Back in 2000, I met with Rich Lambros of the Building Industry Association of Southern California to discuss starting a council (or other such group) to focus on technology in the building industry (we ended up with the Technology Task Force). Part of that was certainly green building, but the group struggled to gain notice because most builders didn't want to hear about it: after years of muddling through the 1990s, the market was finally looking up and they didn't want to threaten their production schedules with anything too new.
For the next rebound, however, it'll likely be new technologies and green building that will help revive the building industry, so it's good to see so many magazine titles focusing on green building techniques and the large number of solar energy companies at the BIS Show.
And yet despite the best efforts to replace energy-hogging incandescent lightbulbs with florescent or even LED alternatives and to push Energy-Star compliant appliances whenever possible, it seems the insatiable appetite for larger, more impressive home theater systems may completely negate those gains.

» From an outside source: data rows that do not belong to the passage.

End SystematicMDS.

Lemma big_ord2_single (V : nmodType) (r n : nat) (P : nat -> nat -> bool)
    (f : nat -> nat -> V) (i : 'I_r) (j : 'I_n) :
  P i j -> (forall (p : 'I_r) (q : 'I_n), P p q -> (p != i) || (q != j) -> f p q = 0) ->
  \sum_(p < r) \sum_(q < n | P p q) f p q = f i j.
Proof.
move=> Pij f0; rewrite (bigD1 i) //= (bigD1 j) //= big1 ?addr0 => [|q /andP[Pq qj]].
  rewrite big1 ?addr0 // => p pi; apply: big1 => q Pq.
  by apply: f0; rewrite // pi.
by apply: f0; rewrite // qj orbT.
Qed.

Definition mx_nat (V : zmodType) (a b : nat) (M : 'M[V]_(a, b)) (p q : nat) : V :=
  if insub p is Some x then if insub q is Some y then M x y else 0 else 0.

Lemma mx_natE (V : zmodType) a b (M : 'M[V]_(a, b)) (x : 'I_a) (y : 'I_b) :
  mx_nat M x y = M x y.
Proof. by rewrite /mx_nat valK valK. Qed.

Lemma mx_nat_out (V : zmodType) a b (M : 'M[V]_(a, b)) p q :
  (a <= p)%N || (b <= q)%N -> mx_nat M p q = 0.
Proof.
rewrite /mx_nat; case: insubP => [x px _|//]; case: insubP => [y qy _|//].
by rewrite leqNgt px leqNgt qy.
Qed.

Lemma mx_natB (V : zmodType) a b (M N : 'M[V]_(a, b)) p q :
  mx_nat (M - N) p q = mx_nat M p q - mx_nat N p q.
Proof.
rewrite /mx_nat; case: insub => [x|]; last by rewrite subr0.
by case: insub => [y|]; rewrite ?mxE ?subr0.
Qed.

Section ProductCode.
Variables (F : fieldType) (K R r E : nat).
Variables (A : 'M[F]_(K, R)) (B : 'M[F]_(r, E)).

Definition prod_mx (D : 'M[F]_(r, K)) : 'M[F]_(r + E, K + R) :=
  col_mx D (B^T *m D) *m row_mx 1%:M A.

Definition prod_array D := mx_nat (prod_mx D).

Lemma prod_arrayB D1 D2 p q :
  prod_array (D1 - D2) p q = prod_array D1 p q - prod_array D2 p q.
Proof. by rewrite /prod_array /prod_mx mulmxBr -add_col_mx -opp_col_mx mulmxBl mx_natB. Qed.

Lemma prod_array_sys D (p : 'I_r) (q : 'I_K) : prod_array D p q = D p q.
Proof.
rewrite /prod_array -[p : nat]/(lshift E p : nat) -[q : nat]/(lshift R q : nat) mx_natE.
by rewrite /prod_mx mul_mx_row mulmx1 row_mxEl col_mxEu.
Qed.

Lemma prod_array_row D (p : 'I_(r + E)) (q : 'I_(K + R)) :
  prod_array D p q = sys_enc A (row p (col_mx D (B^T *m D))) 0 q.
Proof.
rewrite /prod_array mx_natE /sys_enc -[X in row_mx X]mulmx1 -mul_mx_row.
by rewrite -row_mul [RHS]mxE.
Qed.

Lemma prod_array_col D (q : 'I_(K + R)) (p : 'I_(r + E)) :
  prod_array D p q = sys_enc B (col q (D *m row_mx 1%:M A))^T 0 p.
Proof.
rewrite /prod_array mx_natE /prod_mx mul_col_mx /sys_enc.
rewrite -(splitK p); case: (split p) => [p'|t] /=; first by rewrite col_mxEu row_mxEl !mxE.
rewrite col_mxEd row_mxEr -mulmxA !mxE; apply: eq_bigr => k _.
by rewrite !mxE mulrC.
Qed.
Lemma KstarE d L (p q : cvec R d.+1) :
  Kstar L p q =
  ((d + L)`!%:R / (pi ^+ d * L`!%:R)
   * ((Num.sqrt (1 + cnorm (psiinv p) ^+ 2) ^+ L)^-1
      * (Num.sqrt (1 + cnorm (psiinv q) ^+ 2) ^+ L)^-1))%:C
  * (1 + cinner (psiinv p) (psiinv q)) ^+ L.
Proof.
set c := (d + L)`!%:R / _; set kp := (_ ^+ L)^-1; set kq := (_ ^+ L)^-1.
pose y j := psiinv p j * conjc (psiinv q j).
rewrite /Kstar -[cinner _ _]/(\sum_(j < d) y j) -(multinomial_theorem y (leqnn L)).
rewrite mulr_sumr; apply: eq_bigr => a _.
have prod_y : \prod_i psiinv p i ^+ a i * conjc (\prod_i psiinv q i ^+ a i)
              = \prod_i y i ^+ a i.
  rewrite rmorph_prod -big_split /=; apply: eq_bigr => i _; rewrite /y.
  by rewrite rmorphXn /= exprMn_comm //; exact: mulrC.
have sqr_sqrt_Ccoef : (Num.sqrt (Ccoef R a))%:C * (Num.sqrt (Ccoef R a))%:C
                      = c%:C * multinomial_coef C L a.
  rewrite -rmorphM -expr2 sqr_sqrtr /= ?Ccoef_multinomial //.
  by rewrite /Ccoef divr_ge0 // !mulr_ge0 // exprn_ge0 // pi_ge0.
rewrite !phistarE !conjcM !conjc_real.
transitivity (c%:C * multinomial_coef C L a * \prod_i y i ^+ a i * (kp%:C * kq%:C)).
  by rewrite -sqr_sqrt_Ccoef -prod_y; ring.
by rewrite !rmorphM /=; ring.
Qed.

Lemma cabs_cinner_normalized d (p q : cvec R d.+1) : p ord0 != 0 -> q ord0 != 0 ->
  cabs (cinner (cscale (cnorm p)^-1%:C p) (cscale (cnorm q)^-1%:C q))
  = cabs (1 + cinner (psiinv p) (psiinv q))
    / (Num.sqrt (1 + cnorm (psiinv p) ^+ 2) * Num.sqrt (1 + cnorm (psiinv q) ^+ 2)).
Proof.
move=> p0 q0; rewrite cinnerZl cinnerZr conjc_real (cinner_psiinv p0 q0).
rewrite !cabsM cabsJ !ger0_cabs ?invr_ge0 ?sqrtr_ge0 //.
rewrite (cnorm_psiinv p0) (cnorm_psiinv q0).
have cabs_gt0 (x : C) : x != 0 -> 0 < cabs x.
  by move=> x0; rewrite -ltcR cabsE normr_gt0.
have sqrt_gt0 (x : cvec R d) : 0 < Num.sqrt (1 + cnorm x ^+ 2).
  by rewrite sqrtr_gt0 ltr_wpDr ?sqr_ge0.
by field; rewrite !gt_eqF ?cabs_gt0 ?sqrt_gt0.
Qed.

End ProjectiveKernel.

Theorem lemma3p2 (R : realType) (d L : nat) (hd : (1 <= d)%N)
    (p q : cvec R d.+1) (hp : p ord0 != 0) (hq : q ord0 != 0) :
  cabs (Kstar L p q)
  = ('C(d + L, d) * d`!)%:R / pi ^+ d
    * cabs (cinner (cscale (cnorm p)^-1%:C p) (cscale (cnorm q)^-1%:C q)) ^+ L.
Proof.
rewrite KstarE cabs_cinner_normalized // cabsM cabsX ger0_cabs; last first.
  by rewrite mulr_ge0 ?divr_ge0 ?mulr_ge0 ?invr_ge0 ?exprn_ge0 ?sqrtr_ge0 ?ler0n ?pi_ge0.
have fact_neq0 k : (k`!%:R : R) != 0 by rewrite pnatr_eq0 -lt0n fact_gt0.
have -> : ('C(d + L, d) * d`!)%:R = ((d + L)`!%:R / L`!%:R : R).
  by rewrite -(bin_fact (leq_addr L d)) addKn !natrM mulrA mulfK.
have sqrt_neq0 (x : cvec R d) : Num.sqrt (1 + cnorm x ^+ 2) ^+ L != 0.
  by rewrite expf_neq0 // gt_eqF // sqrtr_gt0 ltr_wpDr ?sqr_ge0.
have pi_neq0 : (pi : R) ^+ d != 0 by rewrite expf_neq0 // gt_eqF ?pi_gt0.
by rewrite expr_div_n exprMn; field; rewrite !sqrt_neq0 pi_neq0 fact_neq0.
Qed.
(* Let $G$ be a graph, and let $(G',L,\alpha,\beta)$ be constructed from $G$ as described in the context. Let $\gamma$ be any $L$-coloring of $G'$ and let $uv\in E(G)$. If $\gamma(u)=\gamma(v)$ then $\gamma(z_{uv})=4$. If $\gamma(u)\ne\gamma(v)$, then there exists an $L$-recoloring sequence of length bounded by an absolute constant from $\gamma$ to an $L$-coloring $\gamma'$ with $\gamma'(z_{uv})\ne 4$ and $\gamma'(w)=\gamma(w)$ for all $w\in (V(G)\cup Z)\setminus\{z_{uv}\}$.
   Context: A color list assignment $L$ gives each vertex a list $L(v)\subseteq[4]=\{1,2,3,4\}$. An $L$-coloring is a proper coloring $\gamma$ with $\gamma(v)\in L(v)$ for all $v$. $\mathcal{C}(G,L)$ is the graph on $L$-colorings, two adjacent iff they differ on exactly one vertex; an $L$-recoloring sequence of length $m$ is a sequence $\gamma_0,\ldots,\gamma_m$ of $L$-colorings with consecutive ones equal or adjacent in $\mathcal{C}(G,L)$. $(a,b)$-forbidding path: for $a,b\in[4]$, a path $P$ with lists $L(x)\subseteq[4]$ and end vertices $u,v$ is $(a,b)$-forbidding from $u$ to $v$ if (i) for all $x\in L(u)$, $y\in L(v)$, there is an $L$-coloring $\gamma$ of $P$ with $\gamma(u)=x,\gamma(v)=y$ iff $x\ne a$ or $y\ne b$ (such $(x,y)$ are called admissible); and (ii) for any $L$-coloring $\gamma$ of $P$ and any admissible $(x,y)$ with $x=\gamma(u)$ or $y=\gamma(v)$, there is an $L$-recoloring sequence of $P$ from $\gamma$ to an $L$-coloring $\delta$ with $\delta(u)=x,\delta(v)=y$ in which each internal vertex is recolored at most once and $u,v$ are not recolored until the last step. Such paths of length six exist whenever $L(u),L(v)\ne[4]$, $a\in L(u)$, $b\in L(v)$. Construction of $G'$: start with $V(G)$ (no edges among these), each $u\in V(G)$ with $L(u)=\{1,2,3\}$, $\alpha(u)=1$. For every edge $uv\in E(G)$ (with a fixed orientation $u,v$), add new vertices $x_{uv},y_{uv},z_{uv}$ with $\alpha$-value $4$ each and $L(x_{uv})=\{1,2,4\}$, $L(y_{uv})=\{3,4\}$, $L(z_{uv})=\{1,2,4\}$; add edges $ux_{uv}$, $uy_{uv}$; and add (each with its own new internal vertices, each of length six) a $(1,2)$-forbidding and a $(3,1)$-forbidding path from $u$ to $x_{uv}$, a $(2,3)$-forbidding path from $u$ to $y_{uv}$, a $(2,1)$-forbidding and a $(3,2)$-forbidding path from $v$ to $x_{uv}$, a $(1,3)$-forbidding path from $v$ to $y_{uv}$, a $(4,1)$-forbidding path from $x_{uv}$ to $z_{uv}$, and a $(4,2)$-forbidding path from $y_{uv}$ to $z_{uv}$. Let $Z=\{z_{uv}\mid uv\in E(G)\}$. Add vertices $a,b,c,d$ with $\alpha(a)=1,\alpha(b)=2,\alpha(c)=3,\alpha(d)=4$, $L(a)=\{1,2,3\}$, $L(b)=\{1,2\}$, $L(c)=\{3,4\}$, $L(d)=\{4\}$, all edges among $a,b,c,d$ except $cd$, and edges from every vertex of $Z$ to $c$. Extend $\alpha$ arbitrarily to an $L$-coloring of all internal vertices of the forbidding paths (possible since the end colors are admissible). Set $\beta(w)=\alpha(w)$ for all $w\ne a,b$, $\beta(a)=2$, $\beta(b)=1$. *)

From mathcomp Require Import all_boot.
Set Implicit Arguments. Unset Strict Implicit. Unset Printing Implicit Defensive.

Fixpoint recseq (C : Type) (P : C -> Prop) (step : C -> C -> Prop)
    (x : C) (s : seq C) : Prop :=
  match s with
  | [::] => True
  | y :: s' => [/\ P y, step x y & recseq P step y s']
  end.

Definition pcol (Ls : nat -> seq nat) (c : nat -> nat) : Prop :=
  (forall j, j < 7 -> c j \in Ls j) /\ (forall j, j < 6 -> c j != c j.+1).
(* Consider the problem of steering $\dot x=Ax+u b$, $|u(t)|\le1$, from $(0,0,0)$ to $(\gamma,0,\gamma)$ in minimum time, where $$A=\begin{pmatrix}0&1&0\\-1&0&1\\0&0&0\end{pmatrix},\qquad b=(0,0,1)^T,\qquad \gamma>0.$$ (i) If $2(\rho-1)\pi<\gamma<2\rho\pi$ for some integer $\rho\ge1$, the unique optimal control has exactly $2\rho$ switchings and is $$u(t)=(-1)^{j-1},\quad t_{j-1}<t<t_j,\quad j=1,\dots,2\rho+1,$$ with $t_0=0$, where the interval lengths $\tau_j=t_j-t_{j-1}$ satisfy: $\tau_1=\tau_{2\rho+1}=\tau$, where $\tau\in(0,\pi)$ is the unique solution in $(0,\pi)$ of $$\frac{2\tau+2(\rho-1)\pi-\gamma}{2\rho-1}=2\tan^{-1}\!\Big(\frac{\sin\tau}{2\rho-\cos\tau}\Big)$$ (with $\tan^{-1}$ taking values in $(-\pi/2,\pi/2)$); $$\tau_{2k}=\frac{2\tau+2(\rho-1)\pi-\gamma}{2\rho-1},\quad k=1,\dots,\rho;\qquad \tau_{2k+1}=2\pi-\tau_{2k+2}=\frac{2\rho\pi-2\tau+\gamma}{2\rho-1},\quad k=1,\dots,\rho-1.$$ The minimum transfer time is $$t_{2\rho+1}=\frac{4\rho[\tau+(\rho-1)\pi]-\gamma}{2\rho-1}.$$ (ii) If $\gamma=2\rho\pi$ for some integer $\rho\ge1$, the optimal control is $u(t)\equiv1$ and the minimum time is $2\rho\pi$.
   Context: Controls are measurable functions with values in $[-1,1]$; the terminal time is free. *)

From Stdlib Require Import Reals Lra Lia Arith.
Open Scope R_scope.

Writing in the Wall Street Journal, Rebecca Smith warns that prices for the largest TV sets are dropping so fast that what can appear like a bargain today can quickly be eaten up by future power bills:
"What scares us is the prices for plasma sets are dropping so fast that people are saying, why get a 42-inch plasma set when you can get a 60-inch or 64-inch one," says Tom Reddoch, director of energy efficiency for the nonprofit Electric Power Research Institute's laboratory in Knoxville, Tenn., an independent organization that advises the utility sector. "They have no idea how much electricity these things consume."
Doug Johnson, senior director of technology policy for the Consumer Electronics Association, says the industry is working to improve disclosure and energy efficiency. He says comparing television energy use to refrigerator energy use is "hackneyed," adding, "when was the last time the family gathered around the refrigerator to be entertained."
But consumers making an effort to go greener at home -- and who also want to ditch their bulky old TV set -- can be in a bit of a bind. The energy savings gleaned from swapping out incandescent light bulbs for energy-efficient compact fluorescent lights, for example, can easily be canceled out by the pileup in entertainment gear.
Currently, 11% to 13% of the average American household's electricity bill stems from consumer electronics. But that is projected to rise to 18% by 2015, according to the EPA, part of the Department of Energy.
So maybe as builders promote their own green building initiatives it'd also be useful to model more energy-efficient home theater systems (like using LCDs instead of plasmas), because all it takes is some 16-year-old know-it-all to suggest that marketing "green" may be little more than a simple gimmick.